Mon Aug 9 06:41:24 PDT 2010

On 8 August 2010 17:36, Daniel J Blueman <daniel.blueman at gmail.com> wrote:
> On 5 August 2010 16:23, Alex Deucher <alexdeucher at gmail.com> wrote:
>> On Thu, Aug 5, 2010 at 9:50 AM, Jerome Glisse <glisse at freedesktop.org> wrote:
>>> On 08/05/2010 06:52 AM, Daniel J Blueman wrote:
>>>>
>>>> After around 10-30 mins of typical usage (ie cairo rendering to
>>>> surfaces + compiz) on my Dell Studio 15 (model 1557), my R600 radeon
>>>> locks up, giving a blank screen.
>>>>
>>>> The only information I have is a backtrace [1]. 'radeontool regs'
>>>> doesn't give anything - what information, /sys files etc would be
>>>> useful here, and would it be useful to log a freedesktop.org bug
>>>> report at this stage, assuming I haven't found a reliable reproducer?
>>>>
>>>> OS is Ubuntu 10.10 development release, mesa 7.8.2, libdrm2 2.4.21.
>>>>
>>>> Thanks,
>>>>   Daniel
>>>>
>>>> --- [1]
>>>>
>>>> radeon 0000:02:00.0: GPU lockup CP stall for more than 1000msec
>>>> ------------[ cut here ]------------
>>>> WARNING: at
>>>> /home/kernel-ppa/COD/linux/drivers/gpu/drm/radeon/radeon_fence.c:235
>>>> radeon_fence_wait+0x2b7/0x320 [radeon]()
>>>> Hardware name: Studio 1557
>>>> GPU lockup (waiting for 0x00008C35 last fence id 0x00008C33)

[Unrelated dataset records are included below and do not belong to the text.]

(* The worst-case time complexity of the Gay–Hole subtyping algorithm described in the context, run on input $(T,U)$, is $O(n^{n^3})$, where $n = |T| + |U|$.
   Context: Session types are given by the grammar $T ::= \mathsf{end} \mid X \mid \mu X.T \mid {?}[T_1,\dots,T_n].S \mid {!}[T_1,\dots,T_n].S \mid \&\langle l_1:T_1,\dots,l_n:T_n\rangle \mid \oplus\langle l_1:T_1,\dots,l_n:T_n\rangle$ (input, output, branch, select); the inputs $T,U$ are closed types, types are identified up to $\alpha$-conversion and substitutions are capture-avoiding. The size $|T|$ is the number of constructors: $|\mathsf{end}| = |X| = 1$, $|\mu X.T| = 1 + |T|$, $|\&\langle l_i:T_i\rangle_{i}| = |\oplus\langle l_i:T_i\rangle_{i}| = 1 + \sum_{i} |T_i|$, $|{?}[T_1,\dots,T_n].S| = |{!}[T_1,\dots,T_n].S| = 1 + \sum_i|T_i| + |S|$. Judgements have the form $\Sigma \vdash T \le U$, where $\Sigma$ is a finite set of pairs $V \le W$ of types. The algorithmic rules are: (AS-Assump) $\Sigma \vdash T\le U$ holds if $T \le U \in \Sigma$; (AS-End) $\Sigma \vdash \mathsf{end}\le\mathsf{end}$; (AS-RecL) from $\Sigma \cup\{\mu X.T \le U\} \vdash T[\mu X.T/X] \le U$ infer $\Sigma \vdash \mu X.T \le U$; (AS-RecR) from $\Sigma\cup\{T \le \mu X.U\} \vdash T \le U[\mu X.U/X]$ infer $\Sigma \vdash T \le \mu X.U$; (AS-In) from $\Sigma \vdash T_i \le U_i$ for all $i$ and $\Sigma \vdash V \le W$ infer $\Sigma \vdash {?}[T_1,\dots,T_k].V \le {?}[U_1,\dots,U_k].W$; (AS-Out) from $\Sigma \vdash U_i \le T_i$ for all $i$ and $\Sigma \vdash V \le W$ infer $\Sigma \vdash {!}[T_1,\dots,T_k].V \le {!}[U_1,\dots,U_k].W$; (AS-Bra) if $m\le n$ and $\Sigma \vdash S_i \le T_i$ for $1\le i\le m$ infer $\Sigma \vdash \&\langle l_i:S_i\rangle_{1\le i\le m} \le \&\langle l_i:T_i\rangle_{1\le i\le n}$; (AS-Sel) if $m\le n$ and $\Sigma \vdash S_i \le T_i$ for $1\le i\le m$ infer $\Sigma \vdash \oplus\langle l_i:S_i\rangle_{1\le i\le n} \le \oplus\langle l_i:T_i\rangle_{1\le i\le m}$. The Gay–Hole algorithm decides whether $T$ is a subtype of $U$ by attempting to build a derivation of $\emptyset \vdash T \le U$ bottom-up: at each judgement it applies the applicable rule, with AS-Assump taking highest priority and AS-RecL preferred over AS-RecR when both apply (the remaining rules apply to disjoint sets of judgements), recursively processing all premises; it fails if some judgement matches no rule. *)

From Stdlib Require List.
From mathcomp Require Import all_boot.
Set Implicit Arguments. Unset Strict Implicit. Unset Printing Implicit Defensive.

(** Session types, with de Bruijn indices for type variables, so that types
    are identified up to alpha-conversion by construction. Labels are nats. *)
Inductive ty : Type :=
  | TEnd : ty
  | TVar : nat -> ty
  | TRec : ty -> ty                          (* mu X. T, X = index 0 *)
  | TIn  : list ty -> ty -> ty
  | TOut : list ty -> ty -> ty
  | TBra : list (nat * ty) -> ty
  | TSel : list (nat * ty) -> ty.

Fixpoint size_ty (t : ty) : nat :=
  match t with
  | TEnd => 1
  | TVar _ => 1
  | TRec t => 1 + size_ty t
  | TIn ts s => 1 + sumn (map size_ty ts) + size_ty s
  | TOut ts s => 1 + sumn (map size_ty ts) + size_ty s
  | TBra bs => 1 + sumn (map (fun p => size_ty p.2) bs)
  | TSel bs => 1 + sumn (map (fun p => size_ty p.2) bs)
  end.

Fixpoint wf (d : nat) (t : ty) : bool :=
  match t with
  | TEnd => true
  | TVar n => n < d
  | TRec t => wf d.+1 t
  | TIn ts s => all (wf d) ts && wf d s
  | TOut ts s => all (wf d) ts && wf d s
  | TBra bs => all (fun p => wf d p.2) bs
  | TSel bs => all (fun p => wf d p.2) bs
  end.

Definition closed_ty (t : ty) : bool := wf 0 t.

Fixpoint lift (c : nat) (t : ty) : ty :=
  match t with
  | TEnd => TEnd
  | TVar n => if c <= n then TVar n.+1 else TVar n
  | TRec t => TRec (lift c.+1 t)
  | TIn ts s => TIn (map (lift c) ts) (lift c s)
  | TOut ts s => TOut (map (lift c) ts) (lift c s)
  | TBra bs => TBra (map (fun p => (p.1, lift c p.2)) bs)
  | TSel bs => TSel (map (fun p => (p.1, lift c p.2)) bs)
  end.

Fixpoint subst (k : nat) (u : ty) (t : ty) : ty :=
  match t with
  | TEnd => TEnd
  | TVar n => if n == k then u else if k < n then TVar n.-1 else TVar n
  | TRec t => TRec (subst k.+1 (lift 0 u) t)
  | TIn ts s => TIn (map (subst k u) ts) (subst k u s)
  | TOut ts s => TOut (map (subst k u) ts) (subst k u s)
  | TBra bs => TBra (map (fun p => (p.1, subst k u p.2)) bs)
  | TSel bs => TSel (map (fun p => (p.1, subst k u p.2)) bs)
  end.

Definition unfold_body (t : ty) : ty := subst 0 (TRec t) t.

Definition is_rec (t : ty) : bool := if t is TRec _ then true else false.

(** Premises of the structural rules AS-End, AS-In, AS-Out, AS-Bra, AS-Sel
    (in order); None if none of them applies to T <= U. *)
Definition struct_premises (T U : ty) : option (list (ty * ty)) :=
  match T, U with
  | TEnd, TEnd => Some [::]
  | TIn ts v, TIn us w =>
      if size ts == size us then Some (zip ts us ++ [:: (v, w)]) else None
  | TOut ts v, TOut us w =>
      if size ts == size us then Some (zip us ts ++ [:: (v, w)]) else None
  | TBra ss, TBra ts =>
      if (size ss <= size ts) && (map fst ss == take (size ss) (map fst ts))
      then Some (zip (map snd ss) (map snd ts)) else None
  | TSel ss, TSel ts =>
      if (size ts <= size ss) && (map fst ts == take (size ts) (map fst ss))
      then Some (zip (map snd ss) (map snd ts)) else None
  | _, _ => None
  end.
(* For any sequence of groups $(G_n)_{n\in\mathbb N}$, the archipelago group is a direct limit $$\mathcal A(G_n)=\varinjlim_k \circledast_{i\ge k}G_i,$$ where the bonding maps are the quotient maps $\circledast_{i\ge k}G_i\to(\circledast_{i\ge k}G_i)/\langle\langle G_k\rangle\rangle\cong\circledast_{i\ge k+1}G_i$ (i.e. the maps deleting all letters from $G_k$).
   Context: For a sequence of groups $(G_n)_{n\in\mathbb N}$, an infinite word is a map $w:L\to\bigsqcup_n (G_n\setminus\{1\})$ from a countable linearly ordered set $L$ such that $w^{-1}(G_n)$ is finite for every $n$. Two infinite words are equivalent if for every $m$ their restrictions to the letters from $G_1,\dots,G_m$ represent the same element of $G_1*\cdots*G_m$. The topologist's product $\circledast_n G_n$ is the group of equivalence classes, with multiplication induced by concatenation and inversion by reversing the order and inverting each letter; $\circledast_{i\ge k}G_i$ is the same construction for the subsequence $(G_i)_{i\ge k}$. The free product $*_n G_n$ is the subgroup of classes of finite words. The archipelago group is $\mathcal A(G_n):=\circledast_n G_n/\langle\langle *_n G_n\rangle\rangle$, $\langle\langle\cdot\rangle\rangle$ denoting normal closure. *)

From Stdlib Require Import List Sorting.Sorted Relations.Relation_Operators.
Import ListNotations.

Record Group := {
  gcar :> Type;
  gmul : gcar -> gcar -> gcar;
  ginv : gcar -> gcar;
  gone : gcar;
  gmulA : forall x y z, gmul x (gmul y z) = gmul (gmul x y) z;
  gmul1 : forall x, gmul gone x = x;
  gmulV : forall x, gmul (ginv x) x = gone
}.

Section Words.
Variable G : nat -> Group.

Definition letter := {n : nat & gcar (G n)}.
Definition lidx (a : letter) : nat := projT1 a.

Inductive fp_step : list letter -> list letter -> Prop :=
| fp_merge : forall (u v : list letter) (n : nat) (a b : gcar (G n)),
    fp_step (u ++ existT _ n a :: existT _ n b :: v)
            (u ++ existT _ n (gmul (G n) a b) :: v)
| fp_drop : forall (u v : list letter) (n : nat),
    fp_step (u ++ existT _ n (gone (G n)) :: v) (u ++ v).
(* Let $G$ be a tree on $k\ge 2$ vertices and $n\ge 1$. If $G$ has a perfect matching, then the number of perfect matchings of $\Gamma^G_n$ (with loops ignored and parallel edges counted as distinct edges) is $$2^{\frac{k}{2(k-1)}\left(k^n-2k^{n-1}+1\right)} ;$$ if $G$ has no perfect matching, then $\Gamma^G_n$ has no perfect matching.
   Context: Let $G=(V,E)$ be a finite tree with vertex set $V$ of size $k$, and fix an orientation of each edge, so that each edge becomes an ordered pair $e=(s,t)$. Each oriented edge $e=(s,t)$ acts on the set $V^*$ of finite words over the alphabet $V$ by the recursive rule: $e(\emptyset)=\emptyset$, $e(sw)=t\,e(w)$, $e(tw)=sw$, and $e(xw)=xw$ for $x\in V\setminus\{s,t\}$ (words are read left to right, $w\in V^*$). This action preserves word length. For $n\ge 1$, the Schreier graph $\Gamma_n^G$ is the multigraph with vertex set $V^n$ having, for each $u\in V^n$ and each oriented edge $e$ of $G$, one edge joining $u$ and $e(u)$, labelled $e$ (a loop if $e(u)=u$). A perfect matching of a graph is a set $M$ of non-loop edges such that every vertex is incident to exactly one edge of $M$. *)

From mathcomp Require Import all_boot.
Set Implicit Arguments. Unset Strict Implicit. Unset Printing Implicit Defensive.

(* A tree G = (V,E) with a fixed orientation of each edge is given by a finite
   vertex type V and a list E of oriented edges (s,t). *)
Section Defs.
Variable V : finType.
Variable E : seq (V * V).

Definition edge (i : 'I_(size E)) : V * V := tnth (in_tuple E) i.

Definition adj : rel V := fun x y => ((x, y) \in E) || ((y, x) \in E).

Definition is_tree : Prop :=
  [/\ uniq E,
      forall x y, (x, y) \in E -> x != y,
      forall x y, (x, y) \in E -> (y, x) \notin E,
      forall x y, connect adj x y
    & size E = #|V|.-1].

Definition tree_has_pm : Prop :=
  exists M : {set 'I_(size E)},
    forall v : V, #|[set i in M | (v == (edge i).1) || (v == (edge i).2)]| = 1.

Fixpoint act (s t : V) (w : seq V) : seq V :=
  match w with
  | [::] => [::]
  | x :: w' => if x == s then t :: act s t w'
               else if x == t then s :: w' else x :: w'
  end.

(* Schreier graph Gamma_n: vertices V^n (n-tuples), and for each u in V^n and
   each oriented edge e (index i) one edge (u,i) joining u and e(u). *)
Definition sedge (n : nat) := (n.-tuple V * 'I_(size E))%type.

Definition sincident (n : nat) (v : n.-tuple V) (x : sedge n) : bool :=
  (v == x.1) || (val v == act (edge x.2).1 (edge x.2).2 (val x.1)).

Definition sloop (n : nat) (x : sedge n) : bool :=
  act (edge x.2).1 (edge x.2).2 (val x.1) == val x.1.

Definition schreier_pm (n : nat) (M : {set sedge n}) : bool :=
  [forall x, (x \in M) ==> ~~ sloop x] &&
  [forall v : n.-tuple V, #|[set x in M | sincident v x]| == 1].

End Defs.

From mathcomp Require Import all_boot zify.
Set Implicit Arguments. Unset Strict Implicit. Unset Printing Implicit Defensive.

(* A perfect matching P of Gamma_n induces weights on the edges of G: the number
   of edges of P carrying each label. Counting the edges of P at the words with
   first letter x shows that the weights around every vertex x of G add up to
   k^(n-1); on a tree such a weighting only takes the values 0 and k^(n-1), so
   the full labels form a perfect matching of G, necessarily the unique one, M.
   Hence P only uses, at a word x w, the edge labelled by the edge of M at x.
   Along these edges the words form disjoint even cycles, on which P must
   alternate, and P is a free choice of one of the two alternating halves on
   each cycle. The cycles through words starting with the source s of an edge
   (s, t) of M correspond to the orbits of (s, t) on words of length n - 1;
   their canonical representatives s^i y, with y not starting in {s, t}, number
   F(n - 1), where (k - 1) F(m) = (k - 2) k^m + 1, and M has k/2 edges. *)

Lemma card_sep_sum_mem (T : finType) (A : {set T}) (P : pred T) :
  #|[set x in A | P x]| = \sum_(x | P x) (x \in A).
Proof.
rewrite -sum1dep_card big_mkcond [RHS]big_mkcond.
by apply: eq_bigr => x _; case: (x \in A); case: (P x).
Qed.

Lemma card_sep_sum (T : finType) (A : {set T}) (P : pred T) :
  #|[set x in A | P x]| = \sum_(x in A) P x.
Proof.
rewrite card_sep_sum_mem big_mkcond [RHS]big_mkcond.
by apply: eq_bigr => x _; case: (x \in A); case: (P x).
Qed.

Lemma sum_nat_eq (T : finType) (P : pred T) (a : T) : \sum_(x | P x) (x == a : nat) = P a.
Proof.
rewrite big_mkcond (bigD1 a) //= eqxx big1 => [|x /negbTE ->]; last by case: (P x).
by case: (P a).
Qed.

Lemma tuple_val_eta (T : Type) (n : nat) (u : n.+1.-tuple T) : val u = thead u :: behead u.
Proof. by rewrite {1}(tuple_eta u). Qed.

Lemma thead_eq (T : Type) (n : nat) (u : n.+1.-tuple T) x w : val u = x :: w -> thead u = x.
Proof. by rewrite tuple_val_eta => -[]. Qed.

>>>> Modules linked in: binfmt_misc parport_pc ppdev kvm_intel kvm
>>>> microcode snd_hda_codec_atihdmi joydev ipt_REJECT xt_limit xt_tcpudp
>>>> ipt_addrtype xt_state snd_hda_codec_idt ip6table_filter ip6_tables
>>>> snd_hda_intel nf_nat_irc nf_conntrack_irc snd_hda_codec nf_nat_ftp
>>>> nf_nat snd_hwdep nf_conntrack_ipv4 snd_seq_midi arc4 snd_pcm
>>>> snd_rawmidi nf_defrag_ipv4 radeon nf_conntrack_ftp nf_conntrack
>>>> iptable_filter snd_seq_midi_event snd_seq ip_tables ttm iwlagn video
>>>> snd_timer uvcvideo x_tables snd_seq_device output drm_kms_helper lp
>>>> dell_laptop iwlcore drm videodev dcdbas dell_wmi v4l1_compat mac80211
>>>> i7core_edac parport v4l2_compat_ioctl32 snd psmouse edac_core
>>>> i2c_algo_bit soundcore cfg80211 snd_page_alloc serio_raw sdhci_pci
>>>> sdhci ahci libahci led_class r8169 mii btrfs zlib_deflate crc32c
>>>> libcrc32c
>>>> Pid: 1624, comm: Xorg Tainted: G      D     2.6.35-020635-generic #020635
>>>> Call Trace:
>>>> ? radeon_fence_wait+0x2b7/0x320 [radeon]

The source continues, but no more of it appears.